Apesar de popular, o coquetel de Myers tem ingredientes capazes de piorar a saúde de pessoas com determinadas condições. Por exemplo: a vitamina B6 intravenosa pode levar a respostas mais fracas a medicamentos tomados para estimular a produção de células sanguíneas (por exemplo, eritropoetina, alfaepoetina e alfadarbepoetina), frequentemente usados em pessoas com doença renal crônica ou câncer, salienta o Manual MSD de Diagnóstico e Tratamento.
Já o magnésio, se administrado rapidamente, pode causar queda da pressão arterial, além de interagir com medicamentos anti-hipertensivos. Pacientes em tratamento com ceftriaxona (um antibiótico) podem ter danos nos rins, pulmões ou na vesícula se receberem uma infusão com cálcio, de acordo com o guia médico.

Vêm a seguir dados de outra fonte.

(* Let $H=\bigcup_{j=1}^n(c_j,d_j)\subset\mathbb R$ with the closed intervals $[c_j,d_j]$ pairwise disjoint, let $\mathcal B$ be a finite index set and $m\ge1$. Assume: for each $\beta\in\mathcal B$, $b_\beta,\theta_\beta\in C^m(\bar H)$, $b_\beta(x)>0$ for all $x\in\bar H$, $\theta_\beta(H)\subset H$; and there exist an integer $\mu\ge1$ and $\kappa<1$ with $|\theta_\omega(x)-\theta_\omega(y)|\le\kappa|x-y|$ for all $\omega\in\mathcal B_\mu$ and $x,y\in\bar H$. For $s>0$ let $L_s$ be $(L_sf)(x)=\sum_{\beta\in\mathcal B}[b_\beta(x)]^sf(\theta_\beta(x))$, and let $v_s$ be its strictly positive $C^m$ eigenvector with eigenvalue $r(L_s)$. Let $\epsilon_0=1$ and for $\nu\ge1$ $$\epsilon_\nu=\sup\Big\{\frac{|\theta_\omega(x)-\theta_\omega(y)|}{|x-y|}:\omega\in\mathcal B_\nu,\ x,y\in H,\ x\ne y\Big\},$$ and $C_1=\sup\{|Db_\beta(x)|/b_\beta(x):\beta\in\mathcal B,x\in H\}$. Then for $s>0$, $$\sup\Big\{\frac{|Dv_s(x)|}{v_s(x)}:x\in\bar H\Big\}\le C_1s\sum_{\nu=0}^\infty\epsilon_\nu.$$ Moreover, if $\delta\in\{0,1\}$ and $(-1)^\delta Db_\omega(x)/b_\omega(x)\le0$ for all $\omega\in\mathcal B_\nu$, all $\nu\ge1$ and all $x\in\bar H$, then $(-1)^\delta Dv_s(x)\le0$ for all $x\in\bar H$ and all $s>0$.
   Context: $D=d/dx$. $C^m(\bar H)$ denotes real $C^m$ functions on $H$ whose derivatives of order $\le m$ extend continuously to $\bar H$. $\mathcal B_\nu=\{(j_1,\ldots,j_\nu):j_k\in\mathcal B\}$; for $\omega=(j_1,\ldots,j_\nu)$, $\theta_\omega=\theta_{j_\nu}\circ\cdots\circ\theta_{j_1}$ and $b_\omega(x)=b_{j_\nu}(\theta_{(j_1,\ldots,j_{\nu-1})}(x))\cdots b_{j_2}(\theta_{j_1}(x))\,b_{j_1}(x)$. Under these hypotheses, $L_s$ acting on $C^m(\bar H)$ has a strictly positive $C^m$ eigenvector $v_s$, unique up to positive multiples, with eigenvalue $r(L_s)>0$, and $\sum_\nu\epsilon_\nu<\infty$. *)

From Stdlib Require Import Reals Lra List.
From Coquelicot Require Export Coquelicot.
Import ListNotations.
Open Scope R_scope.

Definition Hset (n : nat) (c d : nat -> R) (x : R) : Prop :=
  exists j, (j < n)%nat /\ c j < x /\ x < d j.
Definition barHset (n : nat) (c d : nat -> R) (x : R) : Prop :=
  exists j, (j < n)%nat /\ c j <= x /\ x <= d j.

Definition cont_on (S : R -> Prop) (g : R -> R) : Prop :=
  forall x, S x -> filterlim g (within S (locally x)) (locally (g x)).

(* f in C^m(bar H): the derivatives of order <= m on H exist and extend
   continuously to bar H (F k is the continuous extension of the k-th
   derivative; F 0 agrees with f on bar H). *)
Definition Cm_bar (n : nat) (c d : nat -> R) (m : nat) (f : R -> R) : Prop :=
  exists F : nat -> R -> R,
    (forall x, barHset n c d x -> F O x = f x) /\
    (forall k, (k <= m)%nat -> cont_on (barHset n c d) (F k)) /\
    (forall k x, (k < m)%nat -> Hset n c d x -> is_derive (F k) x (F (Nat.succ k) x)).

Definition Dext (n : nat) (c d : nat -> R) (f g : R -> R) : Prop :=
  cont_on (barHset n c d) g /\ (forall x, Hset n c d x -> is_derive f x (g x)).

(* words omega = (j_1,...,j_nu) in B_nu, with B = {0,...,N-1} *)
Definition word (N nu : nat) (w : list nat) : Prop :=
  length w = nu /\ List.Forall (fun j => (j < N)%nat) w.

(* theta_omega = theta_{j_nu} o ... o theta_{j_1} *)
Definition theta_w (th : nat -> R -> R) (w : list nat) (x : R) : R :=
  fold_left (fun y j => th j y) w x.

(* b_omega(x) = b_{j_nu}(theta_{(j_1..j_{nu-1})} x) ... b_{j_2}(theta_{j_1} x) b_{j_1}(x) *)
Fixpoint b_w (b th : nat -> R -> R) (w : list nat) (x : R) : R :=
  match w with
  | [] => 1
  | j :: w' => b j x * b_w b th w' (th j x)
  end.

Definition sumB (N : nat) (F : nat -> R) : R :=
  fold_right Rplus 0 (map F (seq 0 N)).

Definition Ls (N : nat) (b th : nat -> R -> R) (s : R) (f : R -> R) (x : R) : R :=
  sumB N (fun beta => Rpower (b beta x) s * f (th beta x)).

(* epsilon_0 = 1, epsilon_nu = sup of Lipschitz quotients of theta_omega on H
   (the sups are finite under the hypotheses; sup of an empty set read as 0) *)
Definition eps_nu (n : nat) (c d : nat -> R) (N : nat) (th : nat -> R -> R) (nu : nat) : R :=
  match nu with
  | O => 1
  | Datatypes.S _ => real (Lub_Rbar (fun r => exists w x y, word N nu w /\
             Hset n c d x /\ Hset n c d y /\ x <> y /\
             r = Rabs (theta_w th w x - theta_w th w y) / Rabs (x - y)))
  end.

Definition C1const (n : nat) (c d : nat -> R) (N : nat) (b : nat -> R -> R) : R :=
  real (Lub_Rbar (fun r => exists beta x, (beta < N)%nat /\ Hset n c d x /\
           r = Rabs (Derive (b beta) x) / b beta x)).

(* sum_{nu=0}^infty epsilon_nu, as an extended real (limit of increasing partial sums) *)
Definition sum_eps (n : nat) (c d : nat -> R) (N : nat) (th : nat -> R -> R) : Rbar :=
  Lim_seq (sum_n (eps_nu n c d N th)).

(* Iterating the eigenvalue equation k times gives
     lam^k v(x) = sum_{|w| = k} b_w(x)^s v(theta_w x),
   and differentiating it,
     lam^k Dv(x) = sum_{|w| = k} b_w(x)^s [s (Db_w/b_w)(x) v(theta_w x) + theta_w'(x) Dv(theta_w x)].
   By the chain rule |Db_w/b_w| <= C_1 (eps_0 + ... + eps_{k-1}) and |theta_w'| <= eps_k, and by
   compactness |Dv| <= K v on the closure of H.  Dividing by lam^k v(x) gives
     |Dv(x)| / v(x) <= s C_1 (eps_0 + ... + eps_{k-1}) + K eps_k.
   The eps_nu are submultiplicative with eps_mu <= kappa < 1, so they decay geometrically and
   k -> oo yields the bound.  Under the sign hypothesis all first terms have the sign opposite to
   (-1)^delta, which leaves (-1)^delta Dv(x) <= K eps_k v(x) -> 0. *)

From Stdlib Require Import Reals List Lra Lia IndefiniteDescription Classical_Prop.
From Coquelicot Require Import Coquelicot.
Import ListNotations.
Open Scope R_scope.

Lemma ex_pos_forall_lt (n : nat) (P : nat -> R -> Prop) :
  (forall i g g', 0 < g' -> g' <= g -> P i g -> P i g') ->
  (forall i, (i < n)%nat -> exists g, 0 < g /\ P i g) ->
  exists g, 0 < g /\ forall i, (i < n)%nat -> P i g.
Proof.
  intros Hmono. induction n as [|n IH]; intros H.
  - exists 1; split; [lra | intros; lia].
  - destruct IH as [g1 [Hg1 H1]]; [intros i Hi; apply H; lia |].
    destruct (H n) as [g2 [Hg2 H2]]; [lia |].
    assert (Hmin : 0 < Rmin g1 g2) by (apply Rmin_pos; auto).
    exists (Rmin g1 g2); split; [exact Hmin |].
    intros i Hi. destruct (Nat.eq_dec i n) as [-> | Hne].
    + exact (Hmono n g2 _ Hmin (Rmin_r _ _) H2).
    + exact (Hmono i g1 _ Hmin (Rmin_l _ _) (H1 i ltac:(lia))).
Qed.

Lemma ex_ub_forall_lt (n : nat) (P : nat -> R -> Prop) :
  (forall i g g', g <= g' -> P i g -> P i g') ->
  (forall i, (i < n)%nat -> exists g, P i g) ->
  exists g, forall i, (i < n)%nat -> P i g.
Proof.
  intros Hmono. induction n as [|n IH]; intros H.
  - exists 0; intros; lia.
  - destruct IH as [g1 H1]; [intros i Hi; apply H; lia |].
    destruct (H n) as [g2 H2]; [lia |].
    exists (Rmax g1 g2). intros i Hi. destruct (Nat.eq_dec i n) as [-> | Hne].
    + exact (Hmono n g2 _ (Rmax_r _ _) H2).
    + exact (Hmono i g1 _ (Rmax_l _ _) (H1 i ltac:(lia))).
Qed.

Lemma choice_lt {A : Type} (N : nat) (a0 : A) (P : nat -> A -> Prop) :
  (forall j, (j < N)%nat -> exists a, P j a) ->
  exists f : nat -> A, forall j, (j < N)%nat -> P j (f j).
Proof.
  intros H.
  exists (fun j => match Compare_dec.lt_dec j N with
                   | left Hj => proj1_sig (constructive_indefinite_description _ (H j Hj))
                   | right _ => a0 end).
  intros j Hj. destruct (Compare_dec.lt_dec j N) as [Hj' | Hj']; [apply proj2_sig | contradiction].
Qed.

(** * The open set H and its closure *)

Section Intervals.
Variables (n : nat) (c d : nat -> R).
Notation HH := (Hset n c d).
Notation BH := (barHset n c d).

Lemma Hset_barHset x : HH x -> BH x.
Proof. intros [j [Hj Hx]]. exists j; split; [exact Hj | lra]. Qed.

Lemma Hset_locally x : HH x -> locally x HH.
Proof.
  intros [j [Hj Hx]].
  assert (He : 0 < Rmin (x - c j) (d j - x)) by (apply Rmin_pos; lra).
  exists (mkposreal _ He). intros y Hy.
  change (Rabs (y - x) < Rmin (x - c j) (d j - x)) in Hy. apply Rabs_def2 in Hy.
  pose proof (Rmin_l (x - c j) (d j - x)). pose proof (Rmin_r (x - c j) (d j - x)).
  exists j; split; [exact Hj | lra].
Qed.

Lemma barHset_bounded : exists B, forall x, BH x -> Rabs x <= B.
Proof.
  destruct (ex_ub_forall_lt n (fun j B => forall x, c j <= x <= d j -> Rabs x <= B))
    as [B HB].
  - intros i g g' Hg H x Hx. specialize (H x Hx). lra.
  - intros i _. exists (Rabs (c i) + Rabs (d i)). intros x Hx.
    unfold Rabs; repeat destruct Rcase_abs; lra.
  - exists B. intros x [j [Hj Hx]]. exact (HB j Hj x Hx).
Qed.

Lemma not_barHset_locally x : ~ BH x ->
  exists r, 0 < r /\ forall y, Rabs (y - x) < r -> ~ BH y.
Proof.
  intros Hx.
  destruct (ex_pos_forall_lt n (fun j r => forall y, Rabs (y - x) < r -> ~ (c j <= y <= d j)))
    as [r [Hr H]].
  - intros i g g' _ Hg H y Hy. apply H; lra.
  - intros j Hj. destruct (Rlt_dec x (c j)) as [Hl | Hl].
    + exists (c j - x); split; [lra |]. intros y Hy. apply Rabs_def2 in Hy. lra.
    + destruct (Rlt_dec (d j) x) as [Hr | Hr].
      * exists (x - d j); split; [lra |]. intros y Hy. apply Rabs_def2 in Hy. lra.
      * exfalso. apply Hx. exists j; split; [exact Hj | lra].
  - exists r; split; [exact Hr |]. intros y Hy [j [Hj Hyj]]. exact (H j Hj y Hy Hyj).
Qed.

Hypothesis Hcd : forall j, (j < n)%nat -> c j < d j.

Lemma barHset_dense x : BH x -> forall e, 0 < e -> exists y, HH y /\ Rabs (y - x) < e.
Proof.
  intros [j [Hj Hx]] e He. pose proof (Hcd j Hj).
  destruct (Rlt_dec x (d j)) as [Hl | Hl].
  - pose proof (Rmin_l e (d j - x)). pose proof (Rmin_r e (d j - x)).
    assert (0 < Rmin e (d j - x)) by (apply Rmin_pos; lra).
    exists (x + Rmin e (d j - x) / 2). split; [exists j; split; [exact Hj | lra] |].
    rewrite Rabs_right; lra.
  - pose proof (Rmin_l e (d j - c j)). pose proof (Rmin_r e (d j - c j)).
    assert (0 < Rmin e (d j - c j)) by (apply Rmin_pos; lra).
    exists (x - Rmin e (d j - c j) / 2). split; [exists j; split; [exact Hj | lra] |].
    rewrite Rabs_left; lra.
Qed.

Vendendo a ideia de que estamos intoxicados
O fenômeno do detox teve alguns renascimentos ao longo das últimas décadas e acabou impulsionado pelas redes sociais mais recentemente, observa a nutricionista Lindsey Wohlford, do MD Anderson Cancer Center, ligado à Universidade do Texas, nos EUA, um dos mais prestigiados centros de pesquisa de câncer do mundo.
"Dietas desintoxicantes, limpezas e outros regimes voltados para a remoção de toxinas do corpo têm entrado e saído de moda por décadas. A crescente preocupação com a saúde e o bem-estar pós-pandemia, combinada com o acesso ampliado à informação sobre bem-estar digital e às redes sociais, contribuiu para um renovado interesse nessa prática", afirma a especialista.
A nova onda de tratamentos detox tem estratégias de marketing quase padronizadas entre quem os vende. Nas últimas semanas, o R7 visitou centenas de perfis de médicos e estabelecimentos de saúde nas redes sociais. O que se viu foram profissionais jovens — a grande maioria sem especialização registrada no CFM —, comunicativos e seguidos por milhares de pessoas.
Somam-se a isso consultórios ou clínicas localizados em bairros nobres, com decoração sofisticada e acolhedora, ambientes verdadeiramente "instagramáveis", onde os próprios clientes ajudam a divulgar o negócio com suas publicações.
O marketing é, de fato, o propulsor do mercado da desintoxicação. Em seu livro Ciência Picareta, o médico, pesquisador e escritor britânico Ben Goldacre analisa o que pode ter sido um dos primeiros métodos detox vendidos em massa, no começo dos anos 2000.
"Aqua Detox é um banho de desintoxicação para os pés, entre muitos produtos similares. [...] A hipótese dessas empresas é muito clara: seu corpo está cheio de 'toxinas', sejam elas quais forem; seus pés estão repletos de 'poros' especiais (descobertos, nada menos, por antigos cientistas chineses); se você colocar os pés na bacia, as toxinas serão extraídas, e a água ficará marrom. O marrom da água deve-se às toxinas? Ou é apenas um teatro?"
O autor identificou que a água fica marrom com ou sem os pés, porque o que a deixa nessa coloração é o processo de eletrólise — os eletrodos de ferro do equipamento enferrujam.
Goldacre também submeteu a testes a água do banho de pés que fez em si mesmo. Escolheu duas substâncias que o nosso corpo elimina naturalmente pela urina: creatinina e ureia. Mas nenhuma delas estava presente na água do alegado tratamento. "Teatro é o tema comum em todos os produtos de desintoxicação", concluiu.
"Você se imaginar repleto de impurezas, que alguma terapia vai retirá-las do seu corpo e isso vai fazer o seu organismo funcionar melhor... é uma alegação muito forte, que faz com que as pessoas se mobilizem para buscar terapias", diz Paulo Miranda, presidente da Sociedade Brasileira de Endocrinologia e Metabologia.